• _Stored items_
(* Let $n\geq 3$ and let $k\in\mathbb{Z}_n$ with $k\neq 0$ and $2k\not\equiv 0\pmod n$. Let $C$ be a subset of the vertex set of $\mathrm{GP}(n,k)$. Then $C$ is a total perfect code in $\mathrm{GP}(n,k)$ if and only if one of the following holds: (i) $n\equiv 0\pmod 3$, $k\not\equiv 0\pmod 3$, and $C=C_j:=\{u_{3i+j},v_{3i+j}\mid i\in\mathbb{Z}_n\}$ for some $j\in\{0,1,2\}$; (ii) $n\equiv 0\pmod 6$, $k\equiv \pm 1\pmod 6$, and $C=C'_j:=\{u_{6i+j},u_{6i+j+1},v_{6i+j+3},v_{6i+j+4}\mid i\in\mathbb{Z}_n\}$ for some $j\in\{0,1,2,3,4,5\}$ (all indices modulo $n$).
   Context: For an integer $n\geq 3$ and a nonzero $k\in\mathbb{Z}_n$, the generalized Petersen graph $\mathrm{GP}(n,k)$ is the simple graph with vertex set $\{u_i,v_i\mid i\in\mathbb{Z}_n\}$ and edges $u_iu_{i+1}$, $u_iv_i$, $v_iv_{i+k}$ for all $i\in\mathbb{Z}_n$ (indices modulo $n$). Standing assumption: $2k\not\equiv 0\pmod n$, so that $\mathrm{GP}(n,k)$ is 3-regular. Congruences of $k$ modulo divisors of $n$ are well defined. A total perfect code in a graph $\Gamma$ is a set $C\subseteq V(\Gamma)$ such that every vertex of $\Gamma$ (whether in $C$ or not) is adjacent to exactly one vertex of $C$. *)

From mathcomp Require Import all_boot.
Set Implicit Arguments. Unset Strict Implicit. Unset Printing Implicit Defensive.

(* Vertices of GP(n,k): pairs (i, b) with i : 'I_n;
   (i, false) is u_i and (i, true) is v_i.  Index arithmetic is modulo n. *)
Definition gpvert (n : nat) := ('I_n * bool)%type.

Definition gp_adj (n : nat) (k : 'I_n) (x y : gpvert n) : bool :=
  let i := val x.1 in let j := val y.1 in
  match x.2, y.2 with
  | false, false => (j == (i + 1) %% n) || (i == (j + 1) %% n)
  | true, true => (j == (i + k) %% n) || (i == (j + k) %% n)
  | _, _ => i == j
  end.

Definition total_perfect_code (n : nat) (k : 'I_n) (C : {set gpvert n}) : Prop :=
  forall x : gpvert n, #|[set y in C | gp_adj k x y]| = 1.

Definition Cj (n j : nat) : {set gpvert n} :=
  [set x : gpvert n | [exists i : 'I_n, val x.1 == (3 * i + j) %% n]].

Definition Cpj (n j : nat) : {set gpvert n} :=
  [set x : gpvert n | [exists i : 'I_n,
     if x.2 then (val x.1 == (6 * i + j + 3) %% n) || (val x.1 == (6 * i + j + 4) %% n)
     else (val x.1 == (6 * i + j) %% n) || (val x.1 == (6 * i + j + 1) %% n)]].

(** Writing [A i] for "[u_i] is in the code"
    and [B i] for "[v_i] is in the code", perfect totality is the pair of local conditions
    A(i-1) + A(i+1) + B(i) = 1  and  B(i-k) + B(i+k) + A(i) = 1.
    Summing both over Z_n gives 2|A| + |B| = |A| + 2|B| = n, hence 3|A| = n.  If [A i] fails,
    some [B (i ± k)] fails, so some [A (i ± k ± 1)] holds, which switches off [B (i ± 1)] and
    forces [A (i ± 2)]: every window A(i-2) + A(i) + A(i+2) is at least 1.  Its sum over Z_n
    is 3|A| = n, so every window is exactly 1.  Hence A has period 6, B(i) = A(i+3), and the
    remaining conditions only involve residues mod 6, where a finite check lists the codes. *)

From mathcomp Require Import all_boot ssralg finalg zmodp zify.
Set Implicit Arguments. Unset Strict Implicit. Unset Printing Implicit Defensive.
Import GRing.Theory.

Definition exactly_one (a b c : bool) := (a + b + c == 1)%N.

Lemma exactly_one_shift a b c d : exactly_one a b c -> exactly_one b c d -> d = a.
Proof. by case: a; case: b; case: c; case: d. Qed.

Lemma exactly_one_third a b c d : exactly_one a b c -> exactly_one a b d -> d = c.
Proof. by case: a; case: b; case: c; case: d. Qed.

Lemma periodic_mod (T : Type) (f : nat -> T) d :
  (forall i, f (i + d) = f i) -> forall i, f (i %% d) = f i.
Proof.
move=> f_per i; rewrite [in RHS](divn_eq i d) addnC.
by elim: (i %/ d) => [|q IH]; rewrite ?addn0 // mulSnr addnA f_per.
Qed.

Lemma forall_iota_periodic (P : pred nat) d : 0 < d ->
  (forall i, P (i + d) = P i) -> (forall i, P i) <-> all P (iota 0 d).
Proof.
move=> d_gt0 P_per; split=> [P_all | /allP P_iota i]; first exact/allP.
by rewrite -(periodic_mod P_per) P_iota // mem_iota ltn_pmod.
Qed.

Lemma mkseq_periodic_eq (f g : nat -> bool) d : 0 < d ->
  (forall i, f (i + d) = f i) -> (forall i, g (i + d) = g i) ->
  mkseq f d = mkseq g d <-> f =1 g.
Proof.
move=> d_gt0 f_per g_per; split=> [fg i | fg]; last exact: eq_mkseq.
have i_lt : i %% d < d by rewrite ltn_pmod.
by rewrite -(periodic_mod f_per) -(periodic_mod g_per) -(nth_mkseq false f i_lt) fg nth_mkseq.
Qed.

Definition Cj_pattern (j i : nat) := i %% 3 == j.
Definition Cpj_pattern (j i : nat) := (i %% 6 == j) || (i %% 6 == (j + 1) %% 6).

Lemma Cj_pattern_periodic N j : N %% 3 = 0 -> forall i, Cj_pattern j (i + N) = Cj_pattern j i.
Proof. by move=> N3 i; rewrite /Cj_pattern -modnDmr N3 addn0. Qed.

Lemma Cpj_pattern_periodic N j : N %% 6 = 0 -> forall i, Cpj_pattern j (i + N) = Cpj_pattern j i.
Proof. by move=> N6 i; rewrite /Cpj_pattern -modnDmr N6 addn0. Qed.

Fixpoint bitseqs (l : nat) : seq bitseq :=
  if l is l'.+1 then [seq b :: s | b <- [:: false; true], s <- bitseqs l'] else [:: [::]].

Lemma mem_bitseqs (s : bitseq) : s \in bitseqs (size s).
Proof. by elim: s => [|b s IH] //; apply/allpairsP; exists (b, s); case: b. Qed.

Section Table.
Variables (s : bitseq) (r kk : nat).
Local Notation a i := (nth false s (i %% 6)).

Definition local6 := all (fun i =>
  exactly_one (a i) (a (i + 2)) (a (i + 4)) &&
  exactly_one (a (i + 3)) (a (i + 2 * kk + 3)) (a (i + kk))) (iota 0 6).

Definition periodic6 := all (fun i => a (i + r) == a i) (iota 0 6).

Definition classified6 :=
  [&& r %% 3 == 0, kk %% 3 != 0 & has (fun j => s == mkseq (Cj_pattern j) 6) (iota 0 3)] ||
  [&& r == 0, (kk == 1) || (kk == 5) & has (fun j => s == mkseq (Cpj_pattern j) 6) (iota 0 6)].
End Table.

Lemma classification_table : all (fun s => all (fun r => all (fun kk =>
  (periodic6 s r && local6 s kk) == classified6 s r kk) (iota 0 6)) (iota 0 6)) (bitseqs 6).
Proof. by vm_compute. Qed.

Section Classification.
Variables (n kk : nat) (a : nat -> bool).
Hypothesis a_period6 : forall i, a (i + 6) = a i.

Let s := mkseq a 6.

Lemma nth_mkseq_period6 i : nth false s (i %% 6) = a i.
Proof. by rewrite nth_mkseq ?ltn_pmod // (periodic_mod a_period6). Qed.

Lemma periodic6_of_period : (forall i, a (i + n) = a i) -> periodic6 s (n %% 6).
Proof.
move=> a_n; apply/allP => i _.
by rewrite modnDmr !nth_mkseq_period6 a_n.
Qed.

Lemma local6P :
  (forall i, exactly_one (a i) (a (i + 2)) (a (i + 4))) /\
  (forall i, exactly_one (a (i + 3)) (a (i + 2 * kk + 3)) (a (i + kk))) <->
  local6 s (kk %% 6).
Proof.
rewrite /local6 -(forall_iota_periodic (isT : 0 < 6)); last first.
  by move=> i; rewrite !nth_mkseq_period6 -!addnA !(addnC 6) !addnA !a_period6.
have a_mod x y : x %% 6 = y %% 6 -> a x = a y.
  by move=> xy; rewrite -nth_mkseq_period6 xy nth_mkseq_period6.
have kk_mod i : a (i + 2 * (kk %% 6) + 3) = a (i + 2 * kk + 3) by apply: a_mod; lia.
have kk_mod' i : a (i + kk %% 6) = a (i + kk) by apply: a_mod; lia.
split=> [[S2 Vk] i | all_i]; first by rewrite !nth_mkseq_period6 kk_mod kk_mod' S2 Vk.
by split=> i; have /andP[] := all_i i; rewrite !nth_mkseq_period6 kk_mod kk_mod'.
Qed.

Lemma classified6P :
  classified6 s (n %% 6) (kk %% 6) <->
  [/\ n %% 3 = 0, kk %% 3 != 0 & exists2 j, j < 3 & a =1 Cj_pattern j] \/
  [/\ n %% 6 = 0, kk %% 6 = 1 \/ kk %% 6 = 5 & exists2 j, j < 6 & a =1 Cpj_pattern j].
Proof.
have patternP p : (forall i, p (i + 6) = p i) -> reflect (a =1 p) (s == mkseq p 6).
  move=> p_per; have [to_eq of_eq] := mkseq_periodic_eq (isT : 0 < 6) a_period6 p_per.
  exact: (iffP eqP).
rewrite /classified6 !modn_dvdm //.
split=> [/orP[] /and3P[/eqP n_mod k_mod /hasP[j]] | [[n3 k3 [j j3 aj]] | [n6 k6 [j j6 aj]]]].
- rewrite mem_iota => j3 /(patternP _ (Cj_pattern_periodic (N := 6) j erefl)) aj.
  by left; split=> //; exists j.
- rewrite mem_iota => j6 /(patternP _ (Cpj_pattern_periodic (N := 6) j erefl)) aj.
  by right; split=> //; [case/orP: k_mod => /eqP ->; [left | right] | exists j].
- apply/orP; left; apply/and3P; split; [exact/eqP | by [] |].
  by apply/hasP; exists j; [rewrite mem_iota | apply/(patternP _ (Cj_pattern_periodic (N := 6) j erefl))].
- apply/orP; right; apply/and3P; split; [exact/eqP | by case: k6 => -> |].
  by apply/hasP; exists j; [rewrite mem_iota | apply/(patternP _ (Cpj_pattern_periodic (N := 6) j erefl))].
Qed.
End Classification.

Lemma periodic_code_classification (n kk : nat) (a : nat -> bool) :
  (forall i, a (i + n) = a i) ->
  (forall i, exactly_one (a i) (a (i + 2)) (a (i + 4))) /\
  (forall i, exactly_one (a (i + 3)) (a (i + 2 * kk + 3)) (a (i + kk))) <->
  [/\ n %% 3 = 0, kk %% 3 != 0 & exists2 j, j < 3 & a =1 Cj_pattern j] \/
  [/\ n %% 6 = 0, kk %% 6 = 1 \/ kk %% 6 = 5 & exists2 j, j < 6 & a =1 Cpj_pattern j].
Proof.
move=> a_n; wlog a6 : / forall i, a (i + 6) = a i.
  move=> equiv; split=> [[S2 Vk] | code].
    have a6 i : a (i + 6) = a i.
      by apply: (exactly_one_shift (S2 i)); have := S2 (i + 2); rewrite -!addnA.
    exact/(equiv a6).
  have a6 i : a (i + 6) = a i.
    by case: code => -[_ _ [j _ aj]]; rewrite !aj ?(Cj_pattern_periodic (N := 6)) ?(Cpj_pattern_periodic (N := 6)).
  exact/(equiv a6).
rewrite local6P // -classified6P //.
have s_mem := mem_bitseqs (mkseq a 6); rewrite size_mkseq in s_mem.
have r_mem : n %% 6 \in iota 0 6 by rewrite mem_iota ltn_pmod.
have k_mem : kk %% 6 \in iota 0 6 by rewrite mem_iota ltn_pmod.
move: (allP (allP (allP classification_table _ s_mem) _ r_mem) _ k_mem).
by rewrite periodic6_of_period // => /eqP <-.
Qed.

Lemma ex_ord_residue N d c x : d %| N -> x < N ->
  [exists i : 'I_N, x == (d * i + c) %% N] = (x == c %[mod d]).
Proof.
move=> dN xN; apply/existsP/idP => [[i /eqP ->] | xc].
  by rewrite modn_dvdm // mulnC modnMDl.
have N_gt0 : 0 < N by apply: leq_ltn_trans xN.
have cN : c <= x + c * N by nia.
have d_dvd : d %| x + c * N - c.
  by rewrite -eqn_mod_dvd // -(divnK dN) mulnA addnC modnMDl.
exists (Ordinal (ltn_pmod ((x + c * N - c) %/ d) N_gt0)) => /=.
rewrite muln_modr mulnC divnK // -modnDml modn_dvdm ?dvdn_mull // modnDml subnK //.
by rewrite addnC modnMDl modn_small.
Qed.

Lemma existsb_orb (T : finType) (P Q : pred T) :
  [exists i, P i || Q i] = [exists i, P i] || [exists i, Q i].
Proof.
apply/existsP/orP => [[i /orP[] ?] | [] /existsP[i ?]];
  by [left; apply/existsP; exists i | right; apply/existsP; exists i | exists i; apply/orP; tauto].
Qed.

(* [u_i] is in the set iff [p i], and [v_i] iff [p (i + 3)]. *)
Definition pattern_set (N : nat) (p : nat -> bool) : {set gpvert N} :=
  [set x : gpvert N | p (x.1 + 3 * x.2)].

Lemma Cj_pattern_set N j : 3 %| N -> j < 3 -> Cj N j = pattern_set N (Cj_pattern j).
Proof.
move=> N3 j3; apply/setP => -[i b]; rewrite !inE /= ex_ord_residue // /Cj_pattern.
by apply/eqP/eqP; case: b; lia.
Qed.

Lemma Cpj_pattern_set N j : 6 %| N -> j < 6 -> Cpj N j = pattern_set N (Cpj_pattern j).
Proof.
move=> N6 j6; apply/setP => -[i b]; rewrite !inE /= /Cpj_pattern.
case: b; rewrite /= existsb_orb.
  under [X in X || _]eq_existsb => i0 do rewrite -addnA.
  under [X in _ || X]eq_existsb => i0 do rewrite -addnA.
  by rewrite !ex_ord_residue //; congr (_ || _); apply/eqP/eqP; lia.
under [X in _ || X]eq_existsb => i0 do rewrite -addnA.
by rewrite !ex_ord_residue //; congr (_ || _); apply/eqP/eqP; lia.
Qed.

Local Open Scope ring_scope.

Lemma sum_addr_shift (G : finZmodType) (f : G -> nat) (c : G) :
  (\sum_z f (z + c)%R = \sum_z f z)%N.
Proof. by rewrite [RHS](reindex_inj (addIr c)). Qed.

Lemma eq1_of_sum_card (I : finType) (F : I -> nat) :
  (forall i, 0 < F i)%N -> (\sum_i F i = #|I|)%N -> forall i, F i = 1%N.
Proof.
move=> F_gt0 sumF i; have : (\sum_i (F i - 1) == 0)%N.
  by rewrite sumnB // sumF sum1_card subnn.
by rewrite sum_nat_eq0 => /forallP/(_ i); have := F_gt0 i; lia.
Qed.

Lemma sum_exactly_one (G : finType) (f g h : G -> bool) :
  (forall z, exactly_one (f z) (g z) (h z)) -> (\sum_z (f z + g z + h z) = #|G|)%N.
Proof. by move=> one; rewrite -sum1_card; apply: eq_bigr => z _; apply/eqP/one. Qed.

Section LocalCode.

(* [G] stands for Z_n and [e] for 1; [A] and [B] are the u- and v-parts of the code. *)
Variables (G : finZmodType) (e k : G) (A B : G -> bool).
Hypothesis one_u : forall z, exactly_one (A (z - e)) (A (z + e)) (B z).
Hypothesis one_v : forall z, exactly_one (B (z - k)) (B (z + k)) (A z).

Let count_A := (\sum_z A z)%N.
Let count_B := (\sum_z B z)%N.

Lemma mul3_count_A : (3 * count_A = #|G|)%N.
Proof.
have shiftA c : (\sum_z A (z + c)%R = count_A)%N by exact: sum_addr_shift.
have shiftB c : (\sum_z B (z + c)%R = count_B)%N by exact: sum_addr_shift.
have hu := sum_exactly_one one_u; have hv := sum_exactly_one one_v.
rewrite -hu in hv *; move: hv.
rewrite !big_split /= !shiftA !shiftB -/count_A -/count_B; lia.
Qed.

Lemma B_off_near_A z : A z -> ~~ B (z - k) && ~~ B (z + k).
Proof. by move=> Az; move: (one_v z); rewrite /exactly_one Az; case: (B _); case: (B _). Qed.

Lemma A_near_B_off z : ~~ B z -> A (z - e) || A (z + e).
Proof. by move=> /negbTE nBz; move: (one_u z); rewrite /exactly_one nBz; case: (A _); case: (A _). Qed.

...

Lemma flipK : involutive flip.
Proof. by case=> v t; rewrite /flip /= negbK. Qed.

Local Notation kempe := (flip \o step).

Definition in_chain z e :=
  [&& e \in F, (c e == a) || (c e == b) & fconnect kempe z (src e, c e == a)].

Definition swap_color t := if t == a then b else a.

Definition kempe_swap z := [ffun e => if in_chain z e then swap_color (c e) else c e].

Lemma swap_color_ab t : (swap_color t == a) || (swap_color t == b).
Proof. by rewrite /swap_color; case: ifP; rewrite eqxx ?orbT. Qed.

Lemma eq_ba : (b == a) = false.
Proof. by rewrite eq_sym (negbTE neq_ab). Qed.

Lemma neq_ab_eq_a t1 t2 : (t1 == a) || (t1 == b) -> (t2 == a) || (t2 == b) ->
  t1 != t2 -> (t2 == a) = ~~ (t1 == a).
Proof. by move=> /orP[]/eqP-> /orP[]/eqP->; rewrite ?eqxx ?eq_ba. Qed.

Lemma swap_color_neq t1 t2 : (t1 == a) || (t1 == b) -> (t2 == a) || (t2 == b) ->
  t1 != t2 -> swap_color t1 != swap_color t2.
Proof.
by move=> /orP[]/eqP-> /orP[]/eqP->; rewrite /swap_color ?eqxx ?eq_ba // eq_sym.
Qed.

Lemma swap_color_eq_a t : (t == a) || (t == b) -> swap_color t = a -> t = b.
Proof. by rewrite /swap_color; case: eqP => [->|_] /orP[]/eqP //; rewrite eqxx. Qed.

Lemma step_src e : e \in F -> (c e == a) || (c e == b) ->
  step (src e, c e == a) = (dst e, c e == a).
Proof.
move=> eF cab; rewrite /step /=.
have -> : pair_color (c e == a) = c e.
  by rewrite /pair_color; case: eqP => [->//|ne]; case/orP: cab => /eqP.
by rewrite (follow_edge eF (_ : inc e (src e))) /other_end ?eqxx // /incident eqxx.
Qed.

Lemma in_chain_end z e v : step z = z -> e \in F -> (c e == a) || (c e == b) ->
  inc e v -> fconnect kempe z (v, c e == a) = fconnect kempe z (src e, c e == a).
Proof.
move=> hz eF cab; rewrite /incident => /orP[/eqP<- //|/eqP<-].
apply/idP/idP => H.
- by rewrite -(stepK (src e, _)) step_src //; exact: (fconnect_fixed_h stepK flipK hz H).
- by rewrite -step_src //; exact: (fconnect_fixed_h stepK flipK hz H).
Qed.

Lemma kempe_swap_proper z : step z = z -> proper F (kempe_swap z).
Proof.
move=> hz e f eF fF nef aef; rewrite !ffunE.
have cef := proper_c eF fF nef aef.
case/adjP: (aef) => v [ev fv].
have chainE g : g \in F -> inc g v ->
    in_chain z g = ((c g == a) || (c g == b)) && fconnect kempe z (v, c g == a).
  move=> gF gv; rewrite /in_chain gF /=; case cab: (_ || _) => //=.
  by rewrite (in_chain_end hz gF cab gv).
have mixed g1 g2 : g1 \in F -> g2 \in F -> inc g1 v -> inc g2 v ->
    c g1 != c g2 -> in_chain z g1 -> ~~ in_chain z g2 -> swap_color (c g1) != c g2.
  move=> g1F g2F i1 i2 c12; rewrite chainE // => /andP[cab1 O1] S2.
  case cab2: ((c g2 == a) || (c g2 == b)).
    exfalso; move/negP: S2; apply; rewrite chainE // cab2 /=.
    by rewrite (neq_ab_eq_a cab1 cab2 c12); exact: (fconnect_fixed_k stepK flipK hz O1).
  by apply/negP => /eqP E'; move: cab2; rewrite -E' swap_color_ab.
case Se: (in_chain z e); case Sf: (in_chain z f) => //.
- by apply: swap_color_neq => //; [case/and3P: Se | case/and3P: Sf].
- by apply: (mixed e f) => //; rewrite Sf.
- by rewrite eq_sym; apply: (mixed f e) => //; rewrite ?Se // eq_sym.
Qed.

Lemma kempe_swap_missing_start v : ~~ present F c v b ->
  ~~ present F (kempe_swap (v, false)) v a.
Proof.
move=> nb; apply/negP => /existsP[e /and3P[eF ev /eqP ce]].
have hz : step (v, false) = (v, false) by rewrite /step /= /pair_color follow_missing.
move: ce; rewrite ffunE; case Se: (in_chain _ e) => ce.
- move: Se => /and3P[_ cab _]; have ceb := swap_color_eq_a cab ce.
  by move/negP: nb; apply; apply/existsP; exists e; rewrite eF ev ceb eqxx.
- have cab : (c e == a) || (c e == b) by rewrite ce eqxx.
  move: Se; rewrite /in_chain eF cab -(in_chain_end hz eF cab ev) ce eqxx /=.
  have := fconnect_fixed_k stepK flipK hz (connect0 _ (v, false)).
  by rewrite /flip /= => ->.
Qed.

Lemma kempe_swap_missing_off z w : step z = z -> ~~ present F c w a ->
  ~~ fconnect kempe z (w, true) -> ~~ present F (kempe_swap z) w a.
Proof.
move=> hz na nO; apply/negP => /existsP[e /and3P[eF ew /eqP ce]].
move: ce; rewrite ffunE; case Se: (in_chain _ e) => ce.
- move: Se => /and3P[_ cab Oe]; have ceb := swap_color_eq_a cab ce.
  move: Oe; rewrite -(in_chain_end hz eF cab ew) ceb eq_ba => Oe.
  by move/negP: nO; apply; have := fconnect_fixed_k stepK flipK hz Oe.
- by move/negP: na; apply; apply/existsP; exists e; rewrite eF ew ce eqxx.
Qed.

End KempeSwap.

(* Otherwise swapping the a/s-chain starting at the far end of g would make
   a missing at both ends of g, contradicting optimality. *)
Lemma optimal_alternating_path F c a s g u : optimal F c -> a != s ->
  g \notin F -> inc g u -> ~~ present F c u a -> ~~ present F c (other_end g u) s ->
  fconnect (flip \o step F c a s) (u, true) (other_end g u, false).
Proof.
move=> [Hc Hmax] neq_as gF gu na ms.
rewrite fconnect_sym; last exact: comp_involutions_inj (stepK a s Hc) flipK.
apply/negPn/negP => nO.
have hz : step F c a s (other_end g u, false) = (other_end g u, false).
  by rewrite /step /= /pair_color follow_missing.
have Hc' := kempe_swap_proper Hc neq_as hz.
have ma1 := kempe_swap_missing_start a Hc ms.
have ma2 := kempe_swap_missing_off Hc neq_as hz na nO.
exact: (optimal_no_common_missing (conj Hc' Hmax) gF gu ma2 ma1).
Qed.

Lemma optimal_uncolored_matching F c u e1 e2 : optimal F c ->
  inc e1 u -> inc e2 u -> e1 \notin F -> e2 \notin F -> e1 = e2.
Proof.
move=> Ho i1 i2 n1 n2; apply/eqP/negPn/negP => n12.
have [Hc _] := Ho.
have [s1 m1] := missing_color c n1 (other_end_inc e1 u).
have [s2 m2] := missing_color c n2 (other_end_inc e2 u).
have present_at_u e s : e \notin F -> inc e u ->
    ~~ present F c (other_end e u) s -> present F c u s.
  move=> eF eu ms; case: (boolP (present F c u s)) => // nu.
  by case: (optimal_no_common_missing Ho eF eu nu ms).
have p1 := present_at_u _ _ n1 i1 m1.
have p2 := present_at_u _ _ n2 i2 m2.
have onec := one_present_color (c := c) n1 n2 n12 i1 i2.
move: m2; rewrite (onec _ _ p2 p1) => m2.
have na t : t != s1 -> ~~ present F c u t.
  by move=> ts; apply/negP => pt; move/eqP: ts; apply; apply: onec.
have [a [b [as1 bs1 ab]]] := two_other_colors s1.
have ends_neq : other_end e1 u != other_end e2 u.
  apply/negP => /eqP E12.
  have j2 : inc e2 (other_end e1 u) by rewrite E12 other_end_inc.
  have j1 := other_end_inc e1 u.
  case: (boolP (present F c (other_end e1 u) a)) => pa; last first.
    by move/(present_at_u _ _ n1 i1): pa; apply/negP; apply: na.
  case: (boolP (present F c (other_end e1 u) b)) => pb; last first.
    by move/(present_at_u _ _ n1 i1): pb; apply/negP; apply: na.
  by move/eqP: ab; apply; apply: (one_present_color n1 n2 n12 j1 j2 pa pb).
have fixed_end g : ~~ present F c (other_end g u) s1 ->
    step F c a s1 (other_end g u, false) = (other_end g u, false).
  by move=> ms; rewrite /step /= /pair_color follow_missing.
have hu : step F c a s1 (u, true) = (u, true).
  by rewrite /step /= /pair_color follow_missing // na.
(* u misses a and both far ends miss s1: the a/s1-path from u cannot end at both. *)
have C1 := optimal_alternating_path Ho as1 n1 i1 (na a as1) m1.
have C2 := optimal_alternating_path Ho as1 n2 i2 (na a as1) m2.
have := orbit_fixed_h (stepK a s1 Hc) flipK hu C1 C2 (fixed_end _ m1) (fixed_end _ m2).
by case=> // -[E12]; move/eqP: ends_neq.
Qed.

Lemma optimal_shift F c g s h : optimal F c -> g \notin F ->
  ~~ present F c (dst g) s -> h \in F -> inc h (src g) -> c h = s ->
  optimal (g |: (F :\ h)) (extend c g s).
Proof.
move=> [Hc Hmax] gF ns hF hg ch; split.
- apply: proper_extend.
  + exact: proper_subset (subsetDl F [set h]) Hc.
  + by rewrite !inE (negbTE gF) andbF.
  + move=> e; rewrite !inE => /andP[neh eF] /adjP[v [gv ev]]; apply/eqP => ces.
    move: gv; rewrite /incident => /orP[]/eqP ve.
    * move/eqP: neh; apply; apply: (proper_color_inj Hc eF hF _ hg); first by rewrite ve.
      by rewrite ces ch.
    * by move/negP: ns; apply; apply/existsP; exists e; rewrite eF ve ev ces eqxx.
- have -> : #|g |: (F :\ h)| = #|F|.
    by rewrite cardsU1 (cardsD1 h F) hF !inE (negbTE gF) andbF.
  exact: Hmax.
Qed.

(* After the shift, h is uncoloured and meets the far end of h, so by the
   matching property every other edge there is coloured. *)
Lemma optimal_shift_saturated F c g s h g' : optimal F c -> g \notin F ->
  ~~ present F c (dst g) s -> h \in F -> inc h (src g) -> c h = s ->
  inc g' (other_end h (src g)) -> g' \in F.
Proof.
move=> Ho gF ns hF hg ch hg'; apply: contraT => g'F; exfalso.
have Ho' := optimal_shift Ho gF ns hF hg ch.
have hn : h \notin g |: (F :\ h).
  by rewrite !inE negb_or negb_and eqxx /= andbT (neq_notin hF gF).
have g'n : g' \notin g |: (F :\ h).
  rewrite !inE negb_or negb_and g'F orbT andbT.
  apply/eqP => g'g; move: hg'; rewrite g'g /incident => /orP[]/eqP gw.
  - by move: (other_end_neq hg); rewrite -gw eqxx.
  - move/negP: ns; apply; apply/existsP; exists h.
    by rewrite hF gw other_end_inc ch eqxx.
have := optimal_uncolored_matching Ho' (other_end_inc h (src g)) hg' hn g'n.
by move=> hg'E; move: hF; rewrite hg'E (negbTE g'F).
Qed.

• _Exercise_
Give only the number of lines in the entries above that contain the string "mathcomp".

• _Solution_
2